有时候,我们只想活得更安稳、更静谧、更温暖,只想闻一闻花开的香气,听一听婉转的鸟语,看一看冰融的样子,摸一摸透绿的叶片,陪一陪渐来渐去的朝夕;只想在喧嚣的人群背后,在浸染苔痕的石阶上面,在开过牵牛花的篱笆墙外,看一看岁月的背影,看一看和这个世界相连的胎记。

自此便没有其他奢求,没有其他功利,甚至,没有与其他物质有关的一切思绪。

也不再有叙述,不再有解释,不再有长满绿毛的委屈,这个世界与我,仍然惺惺相惜,相偎相依。

树欲静而风不止的时候,云也无能为力;暴雨一意孤行的时候,惊雷也只能化作声声叹息。有时,乌云只有一张纸的力气,雷鸣也只是一种无奈之举,所有在地壳的缝隙里迸出的畸形花朵,必将在阳光的蔑视下腐朽,直至死去。

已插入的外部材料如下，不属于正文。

(* Let $D$ be any reduced divisor on $\mathbb P^1$. Then every vector bundle $E$ on $\mathbb P^1$ with $H^1(\mathbb P^1,E)=0$ is regular relative to $D$.
   Context: A vector bundle $E$ on a smooth curve $C$ is regular relative to a reduced divisor $D$ on $C$ if $H^1(C,E)=0$ and, for any distinct points $p_1,\dots,p_k\in D$ and general $1$-dimensional quotients $U_i$ of the fibres $E_{p_i}$, the natural map $H^0(C,E)\to\bigoplus_{i=1}^k U_i$ has maximal rank. *)

From HB Require Import structures.
From mathcomp Require Import all_boot all_order all_algebra all_field.
From mathcomp Require Import fraction mpoly.
Set Implicit Arguments. Unset Strict Implicit. Unset Printing Implicit Defensive.
Import GRing.Theory.
Local Notation tofrac := (@FracField.tofrac _).
Local Notation "x %:F" := (tofrac x).
Local Open Scope ring_scope.

Section P1.
Variable K : fieldType.

(* k(t), the function field of P^1; U0 = Spec k[t], U1 = Spec k[u], u = 1/t. *)
Definition RF := {fraction {poly K}}.
Definition tvar : RF := ('X : {poly K})%:F.

(* elements of k[t, t^-1] = O(U0 ∩ U1) *)
Definition laurent (f : RF) : Prop :=
  exists (p : {poly K}) (n : nat), f = p%:F / tvar ^+ n.

(* regular functions on U0 (polynomials in t) and on U1 (polynomials in u = 1/t),
   restricted to the overlap *)
Definition emb0 (p : {poly K}) : RF := p%:F.
Definition emb1 (p : {poly K}) : RF := (map_poly (fun c : K => c%:P%:F) p).[tvar^-1].

(* A vector bundle of rank rk on P^1: trivial on U0 and U1, glued by a transition
   matrix g in GL_rk(k[t,t^-1]); a section is (s0, s1) with s0 = g s1 on U0 ∩ U1. *)
Record bundle := Bundle {
  rk : nat;
  trans : 'M[RF]_rk;
  trans_unit : trans \in unitmx;
  trans_laurent : forall i j, laurent (trans i j);
  trans_inv_laurent : forall i j, laurent (invmx trans i j) }.

Definition is_section (E : bundle) (s0 s1 : 'cV[{poly K}]_(rk E)) : Prop :=
  map_mx emb0 s0 = trans E *m map_mx emb1 s1.

(* Čech H^1 for the cover {U0, U1}: cokernel of (a, b) |-> a - g b *)
Definition H1_vanishes (E : bundle) : Prop :=
  forall v : 'cV[RF]_(rk E), (forall i, laurent (v i 0)) ->
    exists a b : 'cV[{poly K}]_(rk E), v = map_mx emb0 a - trans E *m map_mx emb1 b.

(* Points of P^1(K): Some c is t = c (in U0), None is the point at infinity u = 0 (in U1).
   The fibre E_p is identified with K^rk via the chart trivialization. *)
Definition fibre_eval (E : bundle) (p : option K) (s0 s1 : 'cV[{poly K}]_(rk E))
  : 'cV[K]_(rk E) :=
  match p with
  | Some c => map_mx (fun q => q.[c]) s0
  | None => map_mx (fun q => q.[0]) s1
  end.

(* The map H^0(E) -> ⊕_i U_i, where U_i = E_{p_i} / ker (row i Phi) ≅ K via row i Phi. *)
Definition quot_map (E : bundle) (m : nat) (ps : m.-tuple (option K))
  (Phi : 'M[K]_(m, rk E)) (s0 s1 : 'cV[{poly K}]_(rk E)) : 'cV[K]_m :=
  \col_i (row i Phi *m fibre_eval (tnth ps i) s0 s1) 0 0.

(* maximal rank (between finite-dimensional spaces) = injective or surjective *)
Definition max_rank_on_sections (E : bundle) (m : nat) (ps : m.-tuple (option K))
  (Phi : 'M[K]_(m, rk E)) : Prop :=
  (forall s0 s1 t0 t1, is_section s0 s1 -> is_section t0 t1 ->
      quot_map ps Phi s0 s1 = quot_map ps Phi t0 t1 -> s0 = t0 /\ s1 = t1)
  \/ (forall w : 'cV[K]_m, exists s0 s1, is_section s0 s1 /\ quot_map ps Phi s0 s1 = w).

(* E is regular relative to the reduced divisor D (a duplicate-free list of points):
   H^1(E) = 0, and for all distinct p_1..p_m in D, for general 1-dimensional quotients
   (i.e. for all Phi outside a proper Zariski-closed subset {F = 0} of the space of
   tuples of functionals) the map has maximal rank. *)
Definition regular_rel (E : bundle) (D : seq (option K)) : Prop :=
  H1_vanishes E /\
  forall (m : nat) (ps : m.-tuple (option K)), uniq ps -> {subset ps <= D} ->
    exists F : {mpoly K[m * rk E]}, F != 0 /\
      forall Phi : 'M[K]_(m, rk E),
        (forall i, row i Phi != 0) ->
        F.@[fun j => mxvec Phi 0 j] != 0 ->
        max_rank_on_sections ps Phi.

好在,我们的心田依然是草木蔓发,春山可望;依然是静水流深,风吹麦浪。我们有足够的理由,在清洁的土地上开出鲜亮的花朵,在流云的山岗上散发通透的光芒。

我们内心的星辰大海,早已不是夜空中寂寞的桅灯,而是绽放在黎明中殷红的霞光。

所有的一切,都是该有的样子,江河不变其湍,青山不减其色,春华不改其彩,秋实不减其硕,我们的汗水,咸咸淡淡,却未减其滂沱。

也想有一天,在一座柴扉錯落的院子,左栽桃花,右栽海棠,葫芦娃挂满长长的回廊;丛菊绕舍,格桑翻浪,豆苗青秧跌跌撞撞;一口深井,一处池塘,一长溜青石板叮叮当当;一匹马,两只羊,年长的老黄牛晒着太阳;芦花鸡,绿麻鸭,曲项白鹅对对双双;狗儿随便跑,猫儿可上房,来来去去的蜂蝶燕雀出入厅堂。晨饮一滴露,夜守两烛光,茶浓泼潋酒,水淡添高汤,清风拂门入,夕霞斜照床,不问人何处,心安即是乡。

后来,一蔬饭,一羹汤,一张椅子,一把阳光,一支瘦笔,诗词两行,起身返程,便是全部行囊。